The Batak, of course, are not foragers; they are horticulturalists, like those in my West African samples. They live in the Philippines. Like the Bwaba and other West African horticulturalists, they supplemented varying amounts of their cultivated crop with wild foods — plants, game and fish. They are of an ethnic group called “Negrito” characterized by small body size. They are “pygmies” — like the central African groups of hunter-gatherers, like the Mbuti and the Baka.

Picture of Baka next to a European

Well I am just over five feet tall myself. I fit right in among the Kua women in the Kalahari, was a bit shorter than average women in West Africa, and am shorter than both parents. I was, in fact, the same height as my maternal grandmother.

So I have always felt that being short was not such a bad thing, really.

What about the idea that there are long term evolutionary trends in “life history”?

Humans do appear, in fact, to have gotten smaller for at least the past 30,000 years, which, as John Hawks suggests, “may have resulted from Late Pleistocene and Holocene subsistence strategies, which replaced close-contact ambush hunting of large mammals with projectile weapons, intensive collection of small animals, fish, and shellfish, and ultimately sedentary pastoralism and agriculture”. Neanderthals and other early humans, according to many experts, were likely to have been “ambush predators”, who needed to get close to their prey in order to dispatch them. When they changed to using “distance hunting” technologies, they could have undergone a shift in selection pressures, away from robust bone and muscular mass: energy efficiency alone would favour the survival of smaller and leaner hunters.

Chris Stringer (Natural History Museum in London) also suggested ago that modern humans in Africa 60,000 years ago had begun to hunt in a “new way”. There is evidence of use of bow and arrow technology (as well as spear throwers) from sites in southern Africa dating back well before 40,000 years ago, so the trend toward smaller body size in the late Pleistocene might well have started earlier than than Frayer proposed: see also page 60–61 here.

Can we assume, then, that this decline in body size is evidence of a shift to shorter life spans, higher infant mortality, earlier maturation, lower parental investment, and so on? I doubt that this interpretation is valid.

I wonder if the more copious data set indicating an even more precipitous decline in body size during the Holocene, especially among populations that took up farming, might be confusing the issue?

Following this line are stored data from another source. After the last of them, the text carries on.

Lemma optimal_eta {R : realType} (a L T m : R) : 0 < a -> 0 < L -> 0 < T -> 0 < m ->
  let eta := Num.sqrt (L * T * m ^+ 2 / (2 * a)) in
  0 < eta /\ eta * a + L / (2 * eta) * T * m ^+ 2 = m * Num.sqrt (2 * a * L * T).
Proof.
move=> a0 L0 T0 m0 eta.
have K0 : 0 < L * T * m ^+ 2 / (2 * a) by rewrite divr_gt0 ?mulr_gt0 ?exprn_gt0.
have eta0 : 0 < eta by rewrite sqrtr_gt0.
have eta_neq0 := lt0r_neq0 eta0; have a_neq0 := lt0r_neq0 a0.
have eta2 : eta ^+ 2 = L * T * m ^+ 2 / (2 * a) by rewrite sqr_sqrtr // ltW.
have rhsE : m * Num.sqrt (2 * a * L * T) = 2 * a * eta.
  apply/eqP; rewrite -(@eqrXn2 _ 2) // ?mulr_ge0 ?sqrtr_ge0 ?(ltW a0) ?(ltW m0) //.
  rewrite !exprMn eta2 sqr_sqrtr ?mulr_ge0 ?(ltW a0) ?(ltW L0) ?(ltW T0) //.
  by apply/eqP; field.
split=> //; rewrite rhsE.
have -> : L / (2 * eta) * T * m ^+ 2 = L * T * m ^+ 2 / (2 * eta) by field.
have -> : L * T * m ^+ 2 = 2 * a * eta ^+ 2 by rewrite eta2; field.
by field.
Qed.

Section ssa_regret.
Context {R : realType} {N : nat} {d : measure_display} {Omega : measurableType d}
  (P : probability Omega R) (eps : Omega -> 'rV[R]_N) (i0 : 'I_N) (L : R).
Hypothesis meps : forall i, measurable_fun setT (fun w => eps w 0 i).
Hypothesis ieps : forall i, P.-integrable setT (fun w => (eps w 0 i)%:E).
Hypothesis Eeps : forall i, expectation P (fun w => eps w 0 i) = 0%E.
Hypothesis df : forall y, differentiable (surplus P eps 1) y.
Hypothesis dpf : forall i y, differentiable (partial i (surplus P eps 1)) y.
Hypothesis hess_trace_le : forall y, 2 * hess_trace (surplus P eps 1) y <= L.

Lemma ssa_regret_le eta T (u : nat -> 'rV[R]_N) (umax : R) : 0 < eta ->
  (forall t, (1 <= t <= T)%N -> forall i, `|u t 0 i| <= umax) ->
  regret T u (ssa P eps eta u)
    <= eta * surplus P eps 1 0 + L / (2 * eta) * T%:R * umax ^+ 2.
Proof.
move=> eta0 ub.
have eta_neq0 := lt0r_neq0 eta0.
pose f := surplus P eps 1.
pose y t := eta^-1 *: cumul u t.
have ssaE t : ssa P eps eta u t = grad f (y t.-1).
  by apply: grad_scale => // z; exact: surplus_scale.
have step t : (1 <= t <= T)%N -> eta * f (y t) <=
    eta * f (y t.-1) + dotv (u t) (ssa P eps eta u t) + L / (2 * eta) * umax ^+ 2.
  case: t => // t /andP[_ tT] /=.
  have yS : y t.+1 = y t + eta^-1 *: u t.+1 by rewrite /y cumulS scalerDr.
  have v_le k : `|(eta^-1 *: u t.+1) 0 k| <= umax / eta.
    rewrite mxE normrM ger0_norm ?invr_ge0 ?(ltW eta0) // mulrC ler_pM2r ?invr_gt0 //.
    by apply: ub; rewrite tT.
  have := increment_le _ df dpf (surplus_shift P eps i0 meps ieps)
    (surplus_submod P eps i0 meps ieps) _ hess_trace_le (y t) _ _ v_le.
  rewrite -yS ssaE dotvZl => /(ler_wpM2l (ltW eta0)).
  have -> : L / (2 * eta) * umax ^+ 2 = eta * ((umax / eta) ^+ 2 * L / 2) by field.
  by rewrite !mulrDr mulrA mulfV // mul1r.
have sup_le : sup [set dotv (cumul u T) z | z in @simplex R N] <= eta * f (y T).
  apply: (sup_dotv_simplex_le i0) => i.
  have := ler_wpM2l (ltW eta0) (surplus_ge_coord P eps i0 meps ieps Eeps (y T) i).
  by rewrite /y mxE mulrA mulfV // mul1r.
have := telescope_le (fun t => eta * f (y t))
  (fun t => dotv (u t) (ssa P eps eta u t)) _ _ step.
by rewrite /y cumul0 scaler0 /regret -/f; lra.
Qed.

I say this because of secular trend. Especially in the last 200 years the increase in life expectancy has been associated with an increase in body size; most noticeable in European populations. The increase seems to be connected to recent trends in industrialized economies toward reduced rates of mortality at all ages and improved nutritional status. This does appear to fit the life history model: body size — and other aspects of tissue development (including brain size) — in humans is fairly plastic. Changes in these physical aspects, especially change covering the vast majority of individuals in the same population, often reflects changes in environmental conditions, especially nutrition and disease incidence, rather than changes in underlying genetic potentialities.

One of the often unspoken assumptions of this model, however, in terms of genetic trends and evolutionary trends within species, is that shorter life spans, faster maturation rates, lower parental investment in more numerous offspring, and so on… would be associated with lower intelligence. This model holds up in many species of animals, the proxy for this being smaller brain sizes proportional to body sizes. It is the famous “K” strategy vs “r” strategy, as a key to selection models, introduced by the ecologists Robert MacArthur and E. O. Wilson in 1970.

Recently, of course, data on smaller mammals like rats, and particularly on birds, has indicated that the relationship between brain size and cognitive ability might have been overemphasized in the past: the density of neural tissues might be more significant.

However that did not stop Philip Rushton from speculating that Africans, Europeans, and Orientals formed a “less-to-more K-selected” range within the human species; setting off “race-realism” advocacy among researchers so inclined to contort the original model as proposed by MacArthur and Wilson, to apply it within rather than among species.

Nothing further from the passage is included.